— Exercise directions —
Please write out the line containing "From mathcomp Require Import all_boot" and each line after it through the end of the data, exactly, and nothing else.

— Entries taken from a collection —

---+---

(* Let $(\mathfrak{S},\mathfrak{C})$ be an SZLG-system, i.e. $\mathfrak{S}=\{(V_i,W_{i\oplus_3 1}):i\in\{1,2,3\}\}$ and $\mathfrak{C}=\{\{V_i,W_i\}:i\in\{1,2,3\}\}$. Then $$\Delta_0(\mathfrak{C})=\frac12\sum_{i=1}^3|\langle V_i\rangle-\langle W_i\rangle|,\qquad \Delta_{\min}(\mathfrak{S},\mathfrak{C})=\frac12\max\Big(2\Delta_0(\mathfrak{C}),\ \mathsf{s}_{odd}\big(\langle V_iW_{i\oplus_3 1}\rangle:i\in\{1,2,3\}\big)-1\Big).$$ Consequently $$\mathsf{CNTX}(\mathfrak{S},\mathfrak{C})=\frac12\max\Big(0,\ \mathsf{s}_{odd}\big(\langle V_iW_{i\oplus_3 1}\rangle:i\in\{1,2,3\}\big)-1-\sum_{i=1}^3|\langle V_i\rangle-\langle W_i\rangle|\Big),$$ and the system has a noncontextual description if and only if $$\mathsf{s}_{odd}\big(\langle V_iW_{i\oplus_3 1}\rangle:i\in\{1,2,3\}\big)\le 1+\sum_{i=1}^3|\langle V_i\rangle-\langle W_i\rangle|.$$
   Context: $\oplus_3$ denotes cyclic addition on $\{1,2,3\}$ ($3\oplus_3 1=1$). All $V_i,W_i$ are $\pm1$-valued random variables. Each pair $(V_i,W_{i\oplus_3 1})$ is jointly distributed, but variables in different pairs are stochastically unrelated (have no given joint distribution); in particular $V_i$ and $W_i$ are never jointly distributed. $\langle\cdot\rangle$ denotes expectation; $\langle V_iW_{i\oplus_3 1}\rangle$ is computed from the given joint distribution of the pair. A coupling of random variables $A,B$ is a jointly distributed pair $(A^*,B^* )$ with $A^*\sim A$, $B^*\sim B$; it is maximal if $\Pr[A^*=B^*]$ is the largest possible over all couplings. A coupling $S$ of $\mathfrak{S}$ is a jointly distributed 6-tuple $(V_1^*,V_2^*,V_3^*,W_1^*,W_2^*,W_3^* )$ with $(V_i^*,W_{i\oplus_3 1}^* )$ distributed as $(V_i,W_{i\oplus_3 1})$ for each $i$. The system has a (maximally) noncontextual description if some coupling $S$ has each $(V_i^*,W_i^* )$ a maximal coupling of $V_i,W_i$. $\Delta_0(\mathfrak{C})=\frac12\sum_i|\langle V_i\rangle-\langle W_i\rangle|$; $\Delta_{\min}(\mathfrak{S},\mathfrak{C})$ is the infimum over all couplings $S$ of $\sum_{i=1}^3\Pr[V_i^*\ne W_i^*]$; $\mathsf{CNTX}(\mathfrak{S},\mathfrak{C})=\Delta_{\min}(\mathfrak{S},\mathfrak{C})-\Delta_0(\mathfrak{C})$. For reals $a_1,\ldots,a_m$, $\mathsf{s}_{odd}(a_1,\ldots,a_m)$ is the maximum of $\sum_{i=1}^m(\pm a_i)$ over all sign choices with an odd number of minus signs. *)

From mathcomp Require Import all_boot all_order all_algebra.
From mathcomp Require Import classical_sets reals.
Set Implicit Arguments. Unset Strict Implicit. Unset Printing Implicit Defensive.
Import Order.TTheory GRing.Theory Num.Theory.
Local Open Scope ring_scope.
Local Open Scope classical_set_scope.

---+---

— Response for this exercise —
From mathcomp Require Import all_boot all_order all_algebra.
From mathcomp Require Import classical_sets reals.
Set Implicit Arguments. Unset Strict Implicit. Unset Printing Implicit Defensive.
Import Order.TTheory GRing.Theory Num.Theory.
Local Open Scope ring_scope.
Local Open Scope classical_set_scope.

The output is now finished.